Surgical intervention to resect the epileptic focus has the potential to significantly improve patient outcomes (NICE, 2012). Medical imaging technologies are increasingly used to try to identify structural or functional changes to help localise the likely site of the seizure focus and inform decisions about further investigation and whether and how to proceed with surgery. Due to the costs and potential adverse events associated with these medical imaging techniques the optimal selection and order of the imaging tests is important. A systematic review of the literature found that no research had sufficiently considered the added value of imaging technologies in the pre-surgical workup of epilepsy patients, using cost-effectiveness methods (Burch et al., 2012a).
An additional review was conducted to evaluate previous research into the clinical value of tests (stage 2 of the Schaafsma hierarchy) in this area (Burch et al., 2012a) The review found a single study, by Uijl et al. (2007), which assessed the impact of additional investigations (FDG–PET and subsequent invasive-EEG) on the decision to proceed to surgery after discordant video-EEG and MRI findings. The study considered the short-term outcome following surgery (stages 1, 2 and 3); costs and longer-term outcomes were not considered.
This paper uses the study by Uijl et al. in a worked example to present a framework for assessing the full added value of additional imaging tests in the case of pre-surgical workup for temporal lobe epilepsy surgery, using the Schaafsma framework (Box 1). The framework will be used to evaluate the cost-effectiveness of the range of clinical strategies presented by Uijl et al., the uncertainty in these results will be explored through the use of a scenario analysis as well as probabilistic sensitivity analysis (PSA).
Methods
A decision model was constructed to allow an evaluation of added value in the pre-surgical workup of patient with epilepsy consistent with the Schaafsma framework (Box 1). A decision model is a quantitative approach used to combine evidence from a variety of sources to inform the evaluation of added value. It does so through the consideration of the diagnostics outcomes of the tests alongside the longer term implications of the range of decision strategies. This approach facilitates an assessment of the relative value of each strategy available to the decision maker, in terms of costs and health related quality of life of the patient, and ultimately allows the optimal strategy to be identified through a consideration of the cost-effectiveness of each strategy. Uncertainty in the model inputs can be propagated to allow for a consideration of the likelihood and implications of an incorrect decision being made by the decision maker (Drummond et al., 2005).

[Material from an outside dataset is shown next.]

(* Let $\Sigma$ be an infinite alphabet and let $\mathcal{A}_1$, $\mathcal{A}_2$ be guarded variable automata (GVAs) over $\Sigma$. Then there exist GVAs over $\Sigma$ recognizing, respectively, the concatenation $L(\mathcal{A}_1)\cdot L(\mathcal{A}_2)$, the Kleene closure $L(\mathcal{A}_1)^{\star}$, and the intersection $L(\mathcal{A}_1)\cap L(\mathcal{A}_2)$. That is, the class of GVA-recognizable languages is closed under concatenation, Kleene star and intersection.
   Context: Fix an infinite alphabet $\Sigma$. A guard over a set of variables $\mathcal{X}$ (disjoint from $\Sigma$) is built by the grammar $g ::= \mathit{true} \mid \alpha=\beta \mid \alpha\neq\beta \mid g\wedge g$ with $\alpha,\beta\in\Sigma\cup\mathcal{X}$. A GVA is a tuple $\mathcal{A}=\langle\Sigma,\mathcal{X},Q,Q_0,\delta,F,\kappa\rangle$ where $\mathcal{X}$ is a finite set of variables, $Q$ a finite set of states, $Q_0\subseteq Q$ the initial states, $F\subseteq Q$ the accepting states, $\delta$ a finite set of transitions $q\xrightarrow{\alpha,g}q'$ with $q,q'\in Q$, $\alpha\in\Sigma\cup\mathcal{X}\cup\{\varepsilon\}$ and $g$ a guard, and $\kappa:\mathcal{X}\to 2^{Q}$ the refreshing function ($\kappa(x)$ is the set of states in which $x$ is freed). The finite set $\Sigma_{\mathcal{A}}$ of letters occurring in $\delta$ are the constants of $\mathcal{A}$. A configuration is a pair $(\sigma,q)$ with $q\in Q$ and $\sigma$ a partial map $\mathcal{X}\to\Sigma$ (the currently bound variables). There is a step $(\sigma,q)\xrightarrow{a}(\sigma',q')$, $a\in\Sigma\cup\{\varepsilon\}$, if there is a transition $q\xrightarrow{\alpha,g}q'$ and a map $\gamma$ from the variables occurring in $\alpha$ or $g$ that are not in $\mathrm{dom}(\sigma)$ to $\Sigma$ such that, with $\rho=\sigma\uplus\gamma$ (extended to be the identity on letters), $\rho$ satisfies $g$, $a=\rho(\alpha)$ if $\alpha\neq\varepsilon$ and $a=\varepsilon$ if $\alpha=\varepsilon$, and $\sigma'$ is the restriction of $\rho$ to $\{x\in\mathrm{dom}(\rho) : q'\notin\kappa(x)\}$. A word $w\in\Sigma^{\star}$ is accepted if there is a sequence of steps from $(\emptyset,q_0)$ with $q_0\in Q_0$ to some $(\sigma,q_f)$ with $q_f\in F$ whose labels concatenate to $w$; $L(\mathcal{A})$ is the set of accepted words. *)

From mathcomp Require Import all_boot.
From Stdlib Require List.
Set Implicit Arguments. Unset Strict Implicit. Unset Printing Implicit Defensive.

This case study considers the optimal medical imaging strategy for patients considered eligible for temporal lobe epilepsy surgery, the population evaluated in the Uijl study. The decision model focuses on the appropriate course of action given discordant findings of initial MRI and EEG, and specifically assesses the added clinical and economic value of undertaking further imaging.

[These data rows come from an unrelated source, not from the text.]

(* Let $G$ be a countable vertex set and let $c,b$ be conductance functions on $G$ with $b_{xy}\le c_{xy}$ for all $x,y$, such that $(G,c)$ and $(G,b)$ are connected locally finite networks. Then the inclusion map $\mathcal I:\mathcal H_{\mathcal E_c}\to\mathcal H_{\mathcal E_b}$ is injective.
   Context: A conductance function on a countable set $G$ is a symmetric map $c:G\times G\to[0,\infty)$ with $c_{xx}=0$; $x\sim y$ iff $c_{xy}>0$; locally finite and connected (any two vertices joined by a finite path). $\mathcal E_c(u,v)=\frac12\sum_{x,y}c_{xy}\overline{(u(x)-u(y))}(v(x)-v(y))$, and $\mathcal H_{\mathcal E_c}$ is the Hilbert space of functions $u:G\to\mathbb C$ with $\mathcal E_c(u,u)<\infty$ modulo constants, with inner product $\mathcal E_c$. Same for $b$. $\mathcal I$ sends the class of $u$ in $\mathcal H_{\mathcal E_c}$ to its class in $\mathcal H_{\mathcal E_b}$. *)

From HB Require Import structures.
From mathcomp Require Import all_boot all_order all_algebra.
From mathcomp Require Import all_classical all_reals.
From mathcomp Require Import ereal esum.
From mathcomp.real_closed Require complex.
Import complex.ComplexField.
Set Implicit Arguments. Unset Strict Implicit. Unset Printing Implicit Defensive.
Import Order.TTheory GRing.Theory Num.Theory.
Local Open Scope ring_scope.
Local Open Scope classical_set_scope.

Notation Cplx R := (complex.complex R).

Definition sqmod (R : realType) (z : Cplx R) : R :=
  complex.Re z ^+ 2 + complex.Im z ^+ 2.

Definition conductance (R : realType) (G : Type) (c : G -> G -> R) : Prop :=
  (forall x y, 0 <= c x y) /\ (forall x y, c x y = c y x) /\ (forall x, c x x = 0).

Definition adj (R : realType) (G : Type) (c : G -> G -> R) : rel G :=
  fun x y => 0 < c x y.

Definition locally_finite (R : realType) (G : Type) (c : G -> G -> R) : Prop :=
  forall x, finite_set [set y | adj c x y].

Definition connected_net (R : realType) (G : eqType) (c : G -> G -> R) : Prop :=
  forall x y, exists s : seq G, path (adj c) x s && (last x s == y).

Definition energy (R : realType) (G : choiceType) (c : G -> G -> R) (u : G -> Cplx R)
  : \bar R :=
  \esum_(p in [set: G * G]) ((c p.1 p.2 * sqmod (u p.1 - u p.2)) / 2)%:E.

Definition finite_energy (R : realType) (G : choiceType) (c : G -> G -> R)
  (u : G -> Cplx R) : Prop := (energy c u < +oo)%E.

(* the element of H_{E_c} represented by u: its class modulo constants,
   inside the space of finite-energy functions *)
Definition HE_class (R : realType) (G : choiceType) (c : G -> G -> R)
  (u : G -> Cplx R) : set (G -> Cplx R) :=
  [set v | finite_energy c v /\ exists k : Cplx R, forall x, v x = u x + k].

Definition incl_map (R : realType) (G : choiceType) (b : G -> G -> R)
  (u : G -> Cplx R) : set (G -> Cplx R) := HE_class b u.

(* Both quotients identify functions that differ by a constant, and finite
   c-energy implies finite b-energy since b <= c.  Hence if [u]_b = [v]_b,
   then u itself lies in [v]_b, so u - v is constant and [u]_c = [v]_c. *)

From HB Require Import structures.
From mathcomp Require Import all_boot all_order all_algebra.
From mathcomp Require Import all_classical all_reals.
From mathcomp Require Import ereal esum.
From mathcomp.real_closed Require complex.
Import complex.ComplexField.
Set Implicit Arguments. Unset Strict Implicit. Unset Printing Implicit Defensive.
Import Order.TTheory GRing.Theory Num.Theory.
Local Open Scope ring_scope.
Local Open Scope classical_set_scope.

Lemma sqmod_ge0 (R : realType) (z : Cplx R) : 0 <= sqmod z.
Proof. by rewrite /sqmod addr_ge0 ?sqr_ge0. Qed.

Lemma energy_le (R : realType) (G : choiceType) (c b : G -> G -> R)
    (u : G -> Cplx R) :
  (forall x y, b x y <= c x y) -> (energy b u <= energy c u)%E.
Proof.
move=> le_bc; apply: le_esum => p _; rewrite lee_fin.
by rewrite ler_wpM2r ?invr_ge0 // ler_wpM2r ?sqmod_ge0.
Qed.

Lemma finite_energy_le (R : realType) (G : choiceType) (c b : G -> G -> R)
    (u : G -> Cplx R) :
  (forall x y, b x y <= c x y) -> finite_energy c u -> finite_energy b u.
Proof. by move=> le_bc; apply: le_lt_trans; apply: energy_le. Qed.

Lemma HE_class_refl (R : realType) (G : choiceType) (c : G -> G -> R)
    (u : G -> Cplx R) :
  finite_energy c u -> HE_class c u u.
Proof. by move=> fu; split=> //; exists 0 => x; rewrite addr0. Qed.

Lemma HE_class_shift (R : realType) (G : choiceType) (c : G -> G -> R)
    (u v : G -> Cplx R) (k : Cplx R) :
  (forall x, u x = v x + k) -> HE_class c u = HE_class c v.
Proof.
move=> huv; apply/seteqP; split=> w [fw [l hl]]; split=> //.
- by exists (k + l) => x; rewrite hl huv addrA.
- by exists (l - k) => x; rewrite hl huv -addrA [k + _]addrC subrK.
Qed.

Theorem corollary3p7 (R : realType) (G : countType) (c b : G -> G -> R) :
  conductance c -> conductance b ->
  (forall x y, b x y <= c x y) ->
  locally_finite c -> connected_net c ->
  locally_finite b -> connected_net b ->
  forall u v : G -> Cplx R,
    finite_energy c u -> finite_energy c v ->
    incl_map b u = incl_map b v -> HE_class c u = HE_class c v.
Proof.
move=> _ _ le_bc _ _ _ _ u v fu _ Iuv.
have : incl_map b u u := HE_class_refl (finite_energy_le le_bc fu).
rewrite Iuv => -[_ [k huv]].
exact: HE_class_shift huv.
Qed.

The decision problem addressed is limited to three possible medical investigation strategies, given non-localising or discordant findings from initial video-EEG and MRI scans, such that the clinician does not deem there to be sufficient information to proceed with surgery or to discount it. The strategies are: (1) no further imaging tests applied, (2) the use of FDG–PET alone, or (3) the use of FDG–PET followed by invasive EEG (iEEG) for patients for whom the decision to proceed to surgery is still unclear after FDG–PET. We acknowledge that these strategies represent a potential over-simplification of the available clinical pathways in both the range of technologies available (for example magnetoencephalography or the more sensitive methods such as 3T scanning), and the potential for repetition of some tests to facilitate a better understanding of the seizure focus. The strategies used in the decision model were chosen due to the lack of literature beyond that of Uijl that sufficiently considers the role of added value, and as such represent the only strategies of which sufficient information was available to facilitate inclusion into a decision model. These alternative approaches to patient management are used to define a series of separate strategies, detailed in Box 2.
Box 2. Strategies evaluated.
Strategy 1)—MM No additional tests performed, and all patients receive medical management (MM).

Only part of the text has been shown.